* Exercise prompt
Whenever a line of the data below holds the string "destruct", copy that line.

* Records for this task
(* A component of a paw-free graph that contains a triangle xyz is complete
   multipartite: every vertex of it is adjacent to x or to y, and non-adjacency
   is transitive inside each neighbourhood, so a neighbourhood without a clique
   of size dt (hence without K_d(t)) needs fewer than dt colours.
   A triangle-free component minus a vertex r "hangs" from the induced path r:
   S hangs from an induced path a_1 ... a_k if only a_k has neighbours in S and
   S + a_k is connected. The neighbours of a_k in S are then a stable set, and
   every component of the rest of S hangs from a longer induced path
   a_1 ... a_k n, at the cost of one colour. Once k = p, take BFS layers from
   a_p: every vertex is the end of an induced p-vertex path whose vertices
   avoid the deeper layers, and T1-freeness forces each component of a layer to
   be bipartite, so four colours (layer parity times that bipartition)
   suffice. Hence chi <= max(2dt, p + 4). *)


Lemma connect_ind (T : finType) (r : rel T) (P : T -> Prop) x :
  P x -> (forall u v, P u -> r u v -> P v) -> forall y, connect r x y -> P y.
Proof.
move=> Px Pr y /connectP[s + ->]; elim: s x Px => [|z s IHs] x Px //=.
by case/andP=> /(Pr _ _ Px) Pz; apply: IHs.
Qed.

Definition set_colorable (V : finType) (e : rel V) (A : {set V}) (k : nat) :=
  exists c : V -> nat,
    {in A, forall x, c x < k} /\ {in A &, forall x y, e x y -> c x != c y}.

Section SetColorable.
Variables (V : finType) (e : rel V).
Implicit Types A B I : {set V}.

Lemma set_colorable_leq A k l :
  k <= l -> set_colorable e A k -> set_colorable e A l.
Proof. by move=> kl [c [c_lt c_ok]]; exists c; split=> // x /c_lt/leq_trans; apply. Qed.

Lemma set_colorable_subset A B k :
  A \subset B -> set_colorable e B k -> set_colorable e A k.
Proof.
move=> /subsetP sAB [c [c_lt c_ok]]; exists c; split=> [x /sAB|x y /sAB xB /sAB].
  exact: c_lt.
exact: c_ok.
Qed.

Lemma set_colorable_independent I :
  {in I &, forall x y, ~~ e x y} -> set_colorable e I 1.
Proof.
move=> indI; exists (fun=> 0); split=> // x y xI yI exy.
by have := indI x y xI yI; rewrite exy.
Qed.

Lemma set_colorable_setU A B k l :
  set_colorable e A k -> set_colorable e B l -> set_colorable e (A :|: B) (k + l).
Proof.
move=> [c1 [c1_lt c1_ok]] [c2 [c2_lt c2_ok]].
exists (fun x => if x \in A then c1 x else k + c2 x); split.
  move=> x; case: ifPn => [/c1_lt/leq_trans->//|xA]; first exact: leq_addr.
  by rewrite in_setU (negbTE xA) ltn_add2l => /c2_lt.
move=> x y; rewrite !in_setU => xAB yAB exy.
case: ifPn => xA; case: ifPn => yA.
- exact: c1_ok.
- by rewrite neq_ltn (leq_trans (c1_lt x xA)) ?leq_addr.
- by rewrite neq_ltn (leq_trans (c1_lt y yA)) ?leq_addr ?orbT.
rewrite eqn_add2l; apply: c2_ok exy.
  by case/orP: xAB xA => ->.
by case/orP: yAB yA => ->.
Qed.

Lemma set_colorable_mul (e1 e2 : rel V) A k l :
  {in A &, forall x y, e x y -> e1 x y || e2 x y} ->
  set_colorable e1 A k -> set_colorable e2 A l -> set_colorable e A (k * l).
Proof.
move=> e_sub [c1 [c1_lt c1_ok]] [c2 [c2_lt c2_ok]].
exists (fun x => c1 x * l + c2 x); split.
  move=> x xA; have := c1_lt x xA; have := c2_lt x xA; nia.
move=> x y xA yA /(e_sub x y xA yA) /orP[/(c1_ok x y xA yA)|/(c2_ok x y xA yA)] neq.
  have l_gt0 : 0 < l by apply: leq_ltn_trans (c2_lt x xA).
  apply: contra neq => /eqP/(congr1 (divn^~ l)).
  by rewrite !divnMDl // !divn_small ?c2_lt // !addn0 => ->.
apply: contra neq => /eqP/(congr1 (modn^~ l)).
by rewrite !modnMDl !modn_small ?c2_lt // => ->.
Qed.

Lemma set_colorable_components (g : rel V) A k :
    connect_sym g -> (forall x y, g x y -> y \in A) ->
    {in A &, forall x y, e x y -> connect g x y} ->
    {in A, forall x, set_colorable e [set y | connect g x y] k} ->
  set_colorable e A k.
Proof.
move=> gsym gA e_g colg.
have root_in x : x \in A -> fingraph.root g x \in A.
  move=> xA; apply: (@connect_ind _ g (fun y => y \in A) x xA _ _ (connect_root g x)).
  by move=> u v _ /gA.
have in_root x : x \in [set y | connect g (fingraph.root g x) y].
  by rewrite inE gsym connect_root.
have colr x : exists c : V -> nat, x \in A ->
    {in [set y | connect g x y], forall y, c y < k} /\
    {in [set y | connect g x y] &, forall y z, e y z -> c y != c z}.
  by case: (boolP (x \in A)) => [/colg[c]|_]; [exists c | exists (fun=> 0)].
have [F F_ok] := fin_all_exists colr.
exists (fun x => F (fingraph.root g x) x); split=> [x xA|x y xA yA exy].
  by have [+ _] := F_ok _ (root_in x xA); apply.
have [_] := F_ok _ (root_in y yA); rewrite (fingraph.rootP gsym (e_g x y xA yA exy)).
by apply=> //; rewrite -(fingraph.rootP gsym (e_g x y xA yA exy)).
Qed.
(* (P, K) is the solution of the continuous Bomber Problem with parameter v:
   - P takes values in [0,1] on the domain x >= 0, t >= 0;
   - K(x,t) in [0,x] is an optimal amount to fire at an enemy met at remaining
     time t holding ammunition x:  H(x,t) = max_{0<=y<=x} a(y) P(x-y,t);
   - P satisfies the dynamic-programming (optimality) equation for Poisson(1)
     enemy arrivals: conditioning on the time s of the first arrival,
       P(x,t) = e^{-t} + int_0^t e^{-s} H(x, t-s) ds.
   Among bounded functions this equation has a unique solution P, which is the
   optimal survival probability. *)
Definition bomber_solution (v : R) (P K : R -> R -> R) : Prop :=
  (forall x t, 0 <= x -> 0 <= t -> 0 <= P x t <= 1) /\
  (forall x t, 0 <= x -> 0 <= t ->
     0 <= K x t <= x /\
     (forall y, 0 <= y <= x -> a v y * P (x - y) t <= Hfun v P K x t)) /\
  (forall x t, 0 <= x -> 0 <= t ->
     ex_RInt (fun s => exp (- s) * Hfun v P K x (t - s)) 0 t /\
     P x t = exp (- t) + RInt (fun s => exp (- s) * Hfun v P K x (t - s)) 0 t).

From Stdlib Require Import Reals Lra Lia.
From Coquelicot Require Import Coquelicot.
Open Scope R_scope.

(* With Q = 1 - P, G = 1 - H and L = - ln t, the dynamic-programming equation gives, by
   induction on k and for small t, a lower bound on Q(z,t) by a constant times
   exp (- (z / k + (k + 1) / 2 L)) ([volley_exponent z L k]) for every k >= 1, and an upper
   bound by a constant times exp (- T) + t ^ (n + 1) whenever T <= volley_exponent z L k for
   all k <= n.  The same bounds hold for G with the exponents lowered by L, since
   G(z,t) <= v e^(-y) + Q(z - y, t) for every amount y fired and G(z,t) >= a(K) Q(z - K, t).
   Hence - ln Q(x,t) is x min_k (1/k + (k+1)/2 L/x) up to o(x), and when L/x -> rho the minimum
   is attained at the j of the bracket.  Finally v e^(-K) <= G bounds K from below by - ln G,
   while a(K) Q(x - K, t) <= G and the lower bound on Q for j - 1 volleys bound K from above. *)

Lemma exp_le_exp x y : x <= y -> exp x <= exp y.
Proof.
  intros Hxy. destruct (Rle_lt_or_eq_dec _ _ Hxy) as [Hlt | ->];
    [left; now apply exp_increasing | now right].
Qed.

Lemma exp_le_inv x y : exp x <= exp y -> x <= y.
Proof.
  intros Hxy. destruct (Rle_or_lt x y) as [|Hlt]; [easy|]. apply exp_increasing in Hlt; lra.
Qed.

Lemma ln_le_of_le_exp q b : 0 < q -> q <= exp b -> ln q <= b.
Proof. intros Hq Hqb. apply exp_le_inv. now rewrite exp_ln. Qed.

Lemma le_ln_of_exp_le q b : exp b <= q -> b <= ln q.
Proof. intros Hbq. apply exp_le_inv. rewrite exp_ln; [easy|]. pose proof (exp_pos b); lra. Qed.

Lemma neg_ln_between q c1 c2 T1 T2 : 0 < c1 -> 0 < c2 ->
  c1 * exp (- T2) <= q <= c2 * exp (- T1) -> T1 - ln c2 <= - ln q <= T2 - ln c1.
Proof.
  intros Hc1 Hc2 [Hlo Hhi].
  assert (Hq : 0 < q) by (pose proof (exp_pos (- T2)); nra).
  split.
  - enough (ln q <= ln c2 - T1) by lra.
    apply ln_le_of_le_exp; [easy|]. unfold Rminus. now rewrite exp_plus, exp_ln.
  - enough (ln c1 - T2 <= ln q) by lra.
    apply le_ln_of_exp_le. unfold Rminus. now rewrite exp_plus, exp_ln.
Qed.

Lemma abs_ln_of_le_1 q : 0 < q <= 1 -> Rabs (ln q) = - ln q.
Proof.
  intros Hq. apply Rabs_left1. rewrite <- ln_1. now apply ln_le.
Qed.

Lemma neg_ln_pos w : 0 < w < 1 -> 0 < - ln w.
Proof. intros Hw. enough (ln w < 0) by lra. rewrite <- ln_1. apply ln_increasing; lra. Qed.

Lemma pow_le_exp_opp t T k : 0 < t -> T <= INR k * - ln t -> t ^ k <= exp (- T).
Proof.
  intros Ht HT. rewrite <- Rpower_pow by easy. unfold Rpower.
  apply exp_le_exp. replace (INR k * - ln t) with (- (INR k * ln t)) in HT by ring. lra.
Qed.

Lemma is_RInt_exp_opp w : is_RInt (fun s => exp (- s)) 0 w (1 - exp (- w)).
Proof.
  replace (1 - exp (- w)) with (minus (- exp (- w)) (- exp (- 0)))
    by (rewrite Ropp_0, exp_0; unfold minus, plus, opp; simpl; ring).
  apply (is_RInt_derive (fun s => - exp (- s))).
  - intros s _. auto_derive; [easy | ring].
  - intros s _. apply (ex_derive_continuous (fun s => exp (- s))). auto_derive. easy.
Qed.

Lemma RInt_le_mul_const f w B : 0 <= w -> ex_RInt f 0 w ->
  (forall s, 0 <= s <= w -> f s <= B) -> RInt f 0 w <= w * B.
Proof.
  intros Hw Hf HB.
  assert (Hle : RInt f 0 w <= RInt (fun _ => B) 0 w)
    by (apply RInt_le; auto; [apply ex_RInt_const | intros; apply HB; lra]).
  rewrite RInt_const, Rminus_0_r in Hle. exact Hle.
Qed.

* Response below
  intros Hxy. destruct (Rle_lt_or_eq_dec _ _ Hxy) as [Hlt | ->];
  intros Hxy. destruct (Rle_or_lt x y) as [|Hlt]; [easy|]. apply exp_increasing in Hlt; lra.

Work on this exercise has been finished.